De rechtbank neemt voorts in aanmerking dat de verdeling van de zorg- en opvoedingstaken sinds de scheiding van partijen in 2009 in meerdere gerechtelijke procedures onderwerp van geschil is geweest en dat de kwaliteit van de communicatie over de kinderen op dit moment nog altijd te wensen overlaat. Naar het oordeel van de rechtbank bestaat het risico dat de verstandhouding tussen partijen en het overleg over de kinderen verder zullen verslechteren wanneer V op dit moment gaat verhuizen. De contactregeling zal door de verhuizing immers niet alleen onvermijdelijk inhoudelijke wijzigingen ondergaan, maar ook in praktische zin (zoals het halen en brengen) meer van partijen vragen, waardoor het niet denkbeeldig is dat ook de uitvoering van de regeling in gevaar komt. Het behoeft volgens de rechtbank geen betoog dat dit niet in het belang van de kinderen zal zijn.

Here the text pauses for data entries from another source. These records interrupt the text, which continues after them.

Lemma F_lin : negligible N (Fs * (P - 2%:R * qq * xx ^+ 2 * Ms) - Numer).
Proof.
apply: (@negligible_cancel _ _ _ Ms); last by rewrite coef_ser // cM0 unitr1.
have -> : (Fs * (P - 2%:R * qq * xx ^+ 2 * Ms) - Numer) * Ms =
  Numer * (Fs * (1 - xx ^+ 2 * Ts * Ms) - Ms)
  - Fs * (qq * xx ^+ 2 * Ms ^+ 2 - P * Ms + Numer)
  - Fs * xx ^+ 2 * Ms * (qq * Ms - Numer * Ts) by rewrite /Numer; ring.
apply/negligibleB; first apply/negligibleB.
- exact/negligibleMl/F_M.
- exact/negligibleMl/quadM.
- exact/negligibleMl/M_T.
Qed.

Lemma F_squared : negligible N (Fs ^+ 2 * Rad - Numer ^+ 2).
Proof.
pose S := P - 2%:R * qq * xx ^+ 2 * Ms.
have -> : Fs ^+ 2 * Rad - Numer ^+ 2 =
  (Fs * S + Numer) * (Fs * S - Numer)
  - 4%:R * Fs ^+ 2 * qq * xx ^+ 2 * (qq * xx ^+ 2 * Ms ^+ 2 - P * Ms + Numer).
  by rewrite /S /Rad /Numer; ring.
by apply/negligibleB; apply/negligibleMl; [exact: F_lin | exact: quadM].
Qed.
End Elimination.

Lemma Fcoef_cF n : Fcoef n = cF n.
Proof.
rewrite /Fcoef /grand_motzkin big_filter.
by apply: eq_bigr => w _; rewrite stat_marks.
Qed.

Theorem mainTheorem9 :
  Fcoef 0 = 1 /\
  forall n : nat,
    \sum_(k < n.+1) Fsq_coef (n - k) * Rad`_k = (Numer ^+ 2)`_n.
Proof.
split=> [|n]; first by rewrite Fcoef_cF cF0.
move/eqP: (F_squared (leqnn n)); rewrite coefB subr_eq0 => /eqP <-.
rewrite mulrC coefM; apply: eq_bigr => k _; rewrite mulrC /Fsq_coef.
rewrite expr2 coef_ser_mul ?leq_subr //.
by congr (_ * _); apply: eq_bigr => j _; rewrite !Fcoef_cF.
Qed.
(* Let $(A,\mathfrak m)$ be a Noetherian local ring with infinite residue field, $\mathfrak q$ an $\mathfrak m$-primary ideal, $M$ a finitely generated $A$-module of dimension one, $\mathbb M=\{M_j\}_{j\ge0}$ a good $\mathfrak q$-filtration of $M$, $a$ an $\mathbb M$-superficial element for $\mathfrak q$ and $J=(a)$. Let $\mathbb N=\{a^jM\}_{j\ge0}$ and let $\mathbb E$ be the filtration $M\supseteq M_1\supseteq aM_1\supseteq a^2M_1\supseteq\cdots$ (i.e. $E_0=M$, $E_n=a^{n-1}M_1$ for $n\ge1$). Then $$e_1(\mathbb E)-e_1(\mathbb N)\ge e_0(\mathbb M)-h_0(\mathbb M),$$ where $h_0(\mathbb M)=\lambda(M/M_1)$.
   Context: $\lambda$ denotes length. A $\mathfrak q$-filtration of $M$ is a chain of submodules $M=M_0\supseteq M_1\supseteq\cdots$ with $\mathfrak qM_j\subseteq M_{j+1}$; it is good if $M_{j+1}=\mathfrak qM_j$ for $j\gg0$ (similarly for the ideal $J$; $\mathbb E$ and $\mathbb N$ are good $J$-filtrations). For such a filtration $\{F_j\}$ of the one-dimensional module $M$, write $\sum_{j\ge0}\lambda(F_j/F_{j+1})z^j=h(z)/(1-z)$ with $h\in\mathbb Z[z]$ and $e_i=h^{(i)}(1)/i!$; $h_0=h(0)$. An element $a\in\mathfrak q$ is $\mathbb M$-superficial for $\mathfrak q$ if there is $c\ge0$ with $(M_{j+1}:_Ma)\cap M_c=M_j$ for all $j\ge c$. *)

From mathcomp Require Import all_boot all_algebra.
Set Implicit Arguments. Unset Strict Implicit. Unset Printing Implicit Defensive.
Import GRing.Theory.
Local Open Scope ring_scope.

Definition mset (T : Type) := T -> Prop.
Definition msub (T : Type) (A B : mset T) := forall x, A x -> B x.
Definition meq (T : Type) (A B : mset T) := forall x, A x <-> B x.
Definition mssub (T : Type) (A B : mset T) := msub A B /\ exists x, B x /\ ~ A x.

Definition is_ideal (R : comNzRingType) (I : mset R) :=
  [/\ I 0, (forall x y, I x -> I y -> I (x + y)) & (forall r x, I x -> I (r * x))].
Definition is_prime (R : comNzRingType) (P : mset R) :=
  [/\ is_ideal P, ~ P 1 & forall x y, P (x * y) -> P x \/ P y].
Definition is_unit_el (R : comNzRingType) (x : R) := exists y, x * y = 1.

Definition noetherian (R : comNzRingType) :=
  forall I : nat -> mset R, (forall n, is_ideal (I n)) ->
    (forall n, msub (I n) (I n.+1)) ->
    exists N, forall n, (N <= n)%N -> meq (I n) (I N).

(* (R, m) is local: m is a proper ideal and every element outside m is a unit
   (so m is the unique maximal ideal). *)
Definition is_local (R : comNzRingType) (m : mset R) :=
  [/\ is_ideal m, ~ m 1 & forall x, ~ m x -> is_unit_el x].

(* The residue field R/m is infinite: infinitely many pairwise distinct classes. *)
Definition infinite_residue (R : comNzRingType) (m : mset R) :=
  exists f : nat -> R, forall i j, i <> j -> ~ m (f i - f j).

Definition m_primary (R : comNzRingType) (m q : mset R) :=
  [/\ is_ideal q, msub q m & forall x, m x -> exists n, q (x ^+ n)].

Definition is_submod (R : comNzRingType) (M : lmodType R) (N : mset M) :=
  [/\ N 0, (forall x y, N x -> N y -> N (x + y)) & (forall (r : R) x, N x -> N (r *: x))].

Definition fin_gen (R : comNzRingType) (M : lmodType R) :=
  exists n (g : 'I_n -> M), forall x : M, exists c : 'I_n -> R, x = \sum_i c i *: g i.

(* Krull dimension of M is one: dim (R / Ann M) = 1. *)
Definition ann (R : comNzRingType) (M : lmodType R) : mset R :=
  fun r => forall x : M, r *: x = 0.
Definition prime_chain_above (R : comNzRingType) (I : mset R) (n : nat) :=
  exists p : nat -> mset R,
    (forall i, (i <= n)%N -> is_prime (p i) /\ msub I (p i)) /\
    (forall i, (i < n)%N -> mssub (p i) (p i.+1)).
Definition module_dim_one (R : comNzRingType) (M : lmodType R) :=
  prime_chain_above (ann M) 1 /\ ~ prime_chain_above (ann M) 2.

(* Length lambda(P/N) = n : maximal length of a strict chain of submodules
   N = C_0 < C_1 < ... < C_n = P. *)
Definition strict_chain (R : comNzRingType) (M : lmodType R) (P N : mset M) (n : nat) :=
  exists c : nat -> mset M,
    [/\ meq (c 0%N) N, meq (c n) P, (forall i, (i <= n)%N -> is_submod (c i))
      & (forall i, (i < n)%N -> mssub (c i) (c i.+1))].
Definition has_length (R : comNzRingType) (M : lmodType R) (P N : mset M) (n : nat) :=
  strict_chain P N n /\ forall k, strict_chain P N k -> (k <= n)%N.

Definition ideal_mul (R : comNzRingType) (M : lmodType R) (q : mset R) (N : mset M) : mset M :=
  fun x => exists n (r : 'I_n -> R) (y : 'I_n -> M),
    (forall i, q (r i) /\ N (y i)) /\ x = \sum_i r i *: y i.

Definition q_filtration (R : comNzRingType) (M : lmodType R) (q : mset R) (F : nat -> mset M) :=
  [/\ (forall x, F 0%N x), (forall j, is_submod (F j)),
      (forall j, msub (F j.+1) (F j)) & (forall j, msub (ideal_mul q (F j)) (F j.+1))].
Definition good_filtration (R : comNzRingType) (M : lmodType R) (q : mset R) (F : nat -> mset M) :=
  q_filtration q F /\ exists j0, forall j, (j0 <= j)%N -> meq (F j.+1) (ideal_mul q (F j)).

Definition superficial (R : comNzRingType) (M : lmodType R) (q : mset R) (F : nat -> mset M) (a : R) :=
  q a /\ exists c, forall j, (c <= j)%N ->
    meq (fun x => F j.+1 (a *: x) /\ F c x) (F j).

Definition N_filt (R : comNzRingType) (M : lmodType R) (a : R) : nat -> mset M :=
  fun j x => exists y : M, x = a ^+ j *: y.
Definition E_filt (R : comNzRingType) (M : lmodType R) (a : R) (F : nat -> mset M) : nat -> mset M :=
  fun n x => match n with
             | 0%N => True
             | k.+1 => exists y, F 1%N y /\ x = a ^+ k *: y
             end.

(* h is the numerator of the Hilbert series of F:
   sum_j lambda(F_j/F_{j+1}) z^j = h(z)/(1-z). *)
Definition hilb_num (R : comNzRingType) (M : lmodType R) (F : nat -> mset M) (h : {poly int}) :=
  forall j, exists n, has_length (F j) (F j.+1) n /\ (n%:Z = \sum_(i < j.+1) h`_i).

(* e_i = h^{(i)}(1)/i! *)
Definition hilb_e (i : nat) (h : {poly int}) : int := (h^`N(i)).[1].

From mathcomp Require Import all_boot all_order all_algebra.
From mathcomp Require Import zify.
From Stdlib Require Import Classical FunctionalExtensionality PropExtensionality.
Import Order.TTheory GRing.Theory Num.Theory.
Local Open Scope ring_scope.
Set Implicit Arguments. Unset Strict Implicit.

(* For a filtration X of M whose Hilbert series has numerator h, the colength
   lambda(M/X_n) is the partial sum of lambda(X_j/X_{j+1}), which equals
   e_0 n - e_1 for n >> 0.  The containments a^n M <= M_n, a^{n+1} M <= a^n M_1
   <= a^n M, together with subadditivity of length and the surjection
   M/M_1 -> a^n M/a^n M_1, give for all n
     lambda(M/M_n)      <= lambda(M/a^n M),
     lambda(M/a^n M_1)  <= lambda(M/a^n M) + lambda(M/M_1),
     lambda(M/a^(n+1)M) <= lambda(M/a^n M_1) + lambda(M/aM).
   Comparing leading terms gives e_0(M) <= e_0(N) = e_0(E); the constant terms of
   the second inequality then give e_0(E) - lambda(M/M_1) <= e_1(E) - e_1(N), and
   h_0(M) = lambda(M/M_1). *)

Definition hilb_fun (h : {poly int}) (j : nat) : int := \sum_(i < j.+1) h`_i.

Definition hilb_samuel (h : {poly int}) (n : nat) : int := \sum_(j < n) hilb_fun h j.

Lemma hilb_samuel_coef (h : {poly int}) n :
  hilb_samuel h n = \sum_(i < n) h`_i *+ (n - i).
Proof.
elim: n => [|n IH]; first by rewrite /hilb_samuel !big_ord0.
rewrite /hilb_samuel big_ord_recr /= -/(hilb_samuel h n) IH /hilb_fun.
rewrite [RHS]big_ord_recr /= subSnn mulr1n big_ord_recr /= addrA -big_split /=.
congr (_ + _); apply: eq_bigr => i _.
by rewrite subSn ?mulrSr // ltnW.
Qed.

Lemma horner1_wide (h : {poly int}) n : (size h <= n)%N -> h.[1] = \sum_(i < n) h`_i.
Proof.
move=> le_hn; rewrite (horner_coef_wide _ le_hn).
by apply: eq_bigr => i _; rewrite expr1n mulr1.
Qed.

Lemma hilb_e0E (h : {poly int}) : hilb_e 0 h = h.[1].
Proof. by rewrite /hilb_e nderivn0. Qed.

Lemma hilb_e1_wide (h : {poly int}) n :
  (size h <= n)%N -> hilb_e 1 h = \sum_(i < n) h`_i *+ i.
Proof.
move=> le_hn; have le_h'n : (size h^`N(1) <= n)%N.
  exact: leq_trans (size_poly _ _) (leq_trans (leq_subr _ _) le_hn).
rewrite /hilb_e (horner_coef_wide _ le_h'n).
under eq_bigr do rewrite coef_nderivn expr1n mulr1 add1n bin1.
have -> : \sum_(i < n) h`_i.+1 *+ i.+1 = \sum_(i < n.+1) h`_i *+ i.
  by rewrite big_ord_recl /= mulr0n add0r.
by rewrite big_ord_recr /= (nth_default _ le_hn) mul0rn addr0.
Qed.

Lemma hilb_samuel_poly (h : {poly int}) n : (size h <= n)%N ->
  hilb_samuel h n = hilb_e 0 h * n%:Z - hilb_e 1 h.
Proof.
move=> le_hn; rewrite hilb_samuel_coef hilb_e0E (horner1_wide le_hn).
rewrite (hilb_e1_wide le_hn) mulr_suml -sumrB; apply: eq_bigr => i _.
by rewrite mulrnBr ?(ltnW (ltn_ord i)) // -mulr_natr natz.
Qed.

Lemma eventually_le_slope (a b c d : int) (n0 : nat) :
  (forall n, (n0 <= n)%N -> a * n%:Z + b <= c * n%:Z + d) -> a <= c.
Proof.
move=> H; case: (lerP a c) => // lt_ca.
have := H (n0 + `|d - b|).+1 (leqW (leq_addr _ _)).
have := lez_abs (d - b); rewrite -addn1 !PoszD; nia.
Qed.

Lemma hilb_e1_comparison (hE hN hM : {poly int}) (cE cN : int) :
  (forall n, hilb_samuel hM n <= hilb_samuel hN n) ->
  (forall n, hilb_samuel hE n.+1 <= hilb_samuel hN n + cE) ->
  (forall n, hilb_samuel hN n.+1 <= hilb_samuel hE n.+1 + cN) ->
  hilb_e 0 hM - cE <= hilb_e 1 hE - hilb_e 1 hN.
Proof.
move=> leMN leEN leNE; pose n0 := (size hE + size hN + size hM)%N.
have poly (h : {poly int}) n : (size h <= n0)%N -> (n0 <= n)%N ->
    hilb_samuel h n = hilb_e 0 h * n%:Z - hilb_e 1 h.
  by move=> le_h le_n; apply/hilb_samuel_poly/(leq_trans le_h).
have [wE wN wM] : [/\ size hE <= n0, size hN <= n0 & size hM <= n0]%N.
  by split; rewrite /n0; lia.
pose fE := hilb_e 1 hE; pose fN := hilb_e 1 hN; pose fM := hilb_e 1 hM.
have le_eMN : hilb_e 0 hM <= hilb_e 0 hN.
  apply: (@eventually_le_slope _ (- fM) _ (- fN) n0) => n le_n.
  by have := leMN n; rewrite !poly //; lia.
have le_eEN : hilb_e 0 hE <= hilb_e 0 hN.
  apply: (@eventually_le_slope _ (hilb_e 0 hE - fE) _ (cE - fN) n0) => n le_n.
  by have := leEN n; rewrite !poly ?(leqW le_n) // -addn1 PoszD; lia.
have le_eNE : hilb_e 0 hN <= hilb_e 0 hE.
  apply: (@eventually_le_slope _ (hilb_e 0 hN - fN) _ (hilb_e 0 hE - fE + cN) n0).
  by move=> n le_n; have := leNE n; rewrite !poly ?(leqW le_n) // -addn1 PoszD; lia.
have eq_eEN : hilb_e 0 hE = hilb_e 0 hN by apply/le_anti/andP.
have := leEN n0; rewrite !poly ?(leqW (leqnn n0)) // eq_eEN -addn1 PoszD.
by move: le_eMN; rewrite -eq_eEN -/fE -/fN; lia.
Qed.

Section Submodules.
Variables (R : comNzRingType) (M : lmodType R).
Implicit Types (A B C D X : mset M) (r : R).

Definition msetT : mset M := fun _ => True.
Definition msum A B : mset M := fun z => exists x y, [/\ A x, B y & z = x + y].
Definition mcap A B : mset M := fun z => A z /\ B z.
Definition mimg r A : mset M := fun z => exists y, A y /\ z = r *: y.
Definition mpre r A X : mset M := fun x => A x /\ X (r *: x).

Lemma mext A B : meq A B -> A = B.
Proof.
move=> eqAB; apply: functional_extensionality => x.
exact: propositional_extensionality (eqAB x).
Qed.

Lemma msub_antisym A B : msub A B -> msub B A -> A = B.
Proof. by move=> AB BA; apply: mext => x; split; [apply: AB | apply: BA]. Qed.

Lemma msub_not_mssub B A : msub B A -> ~ mssub B A -> A = B.
Proof.
move=> BA nBA; apply: msub_antisym => // x Ax.
by apply: NNPP => nBx; apply: nBA; split => //; exists x.
Qed.

Lemma submod0 A : is_submod A -> A 0.
Proof. by case. Qed.

Lemma submodD A x y : is_submod A -> A x -> A y -> A (x + y).
Proof. by case=> _ + _; apply. Qed.

Lemma submodZ A r x : is_submod A -> A x -> A (r *: x).
Proof. by case=> _ _; apply. Qed.

Lemma submodB A x y : is_submod A -> A x -> A y -> A (x - y).
Proof. by move=> SA Ax Ay; apply: submodD => //; rewrite -scaleN1r; apply: submodZ. Qed.

Lemma msetT_submod : is_submod msetT.
Proof. by []. Qed.

Lemma msum_submod A B : is_submod A -> is_submod B -> is_submod (msum A B).
Proof.
move=> SA SB; split.
- by exists 0, 0; rewrite addr0; split => //; apply: submod0.
- move=> _ _ [x1 [y1 [A1 B1 ->]]] [x2 [y2 [A2 B2 ->]]].
  by exists (x1 + x2), (y1 + y2); rewrite addrACA; split => //; apply: submodD.
- move=> r _ [x [y [Ax By ->]]]; exists (r *: x), (r *: y).
  by rewrite scalerDr; split => //; apply: submodZ.
Qed.

Lemma mcap_submod A B : is_submod A -> is_submod B -> is_submod (mcap A B).
Proof.
move=> SA SB; split; first by split; apply: submod0.
- by move=> x y [? ?] [? ?]; split; apply: submodD.
- by move=> r x [? ?]; split; apply: submodZ.
Qed.

Lemma mimg_submod r A : is_submod A -> is_submod (mimg r A).
Proof.
move=> SA; split.
- by exists 0; rewrite scaler0; split => //; apply: submod0.
- move=> _ _ [x [Ax ->]] [y [Ay ->]]; exists (x + y).
  by rewrite scalerDr; split => //; apply: submodD.
- move=> s _ [x [Ax ->]]; exists (s *: x).
  by rewrite !scalerA mulrC; split => //; apply: submodZ.
Qed.

Lemma mpre_submod r A X : is_submod A -> is_submod X -> is_submod (mpre r A X).
Proof.
move=> SA SX; split.
- by split; rewrite ?scaler0; apply: submod0.
- by move=> x y [? ?] [? ?]; split; rewrite ?scalerDr; apply: submodD.
- move=> s x [? ?]; split; first exact: submodZ.
  by rewrite scalerA mulrC -scalerA; apply: submodZ.
Qed.

Lemma mssub_chain_mono (c : nat -> mset M) n :
  (forall i, (i < n)%N -> mssub (c i) (c i.+1)) ->
  forall i j, (i <= j <= n)%N -> msub (c i) (c j).
Proof.
move=> c_incr i j /andP[]; elim: j => [|j IH]; first by rewrite leqn0 => /eqP -> _.
rewrite leq_eqVlt => /orP[/eqP -> _ //| lt_ij lt_jn x cix].
by case: (c_incr j lt_jn) => + _; apply; apply: IH (ltnW lt_jn) _ cix.
Qed.

Lemma strict_chain_submod A C k : strict_chain A C k ->
  [/\ is_submod A, is_submod C & msub C A].
Proof.
case=> c [/mext <- /mext <- Sc c_incr]; split; try exact: Sc.
by apply: (mssub_chain_mono c_incr); rewrite leqnn.
Qed.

Het feit dat V de kinderen nog niet heeft geïnformeerd over de verhuizing, waardoor de rechtbank vraagtekens zet bij de mate waarin de verhuizing is voorbereid, en de zeer stellige opvatting van M dat de verhuizing erg snel komt na een korte periode van rust en stabiliteit rondom de omgang, zijn daarbij complicerende factoren. Dat V bereid is om met M over compensatiemogelijkheden te spreken, doet hier niet aan af.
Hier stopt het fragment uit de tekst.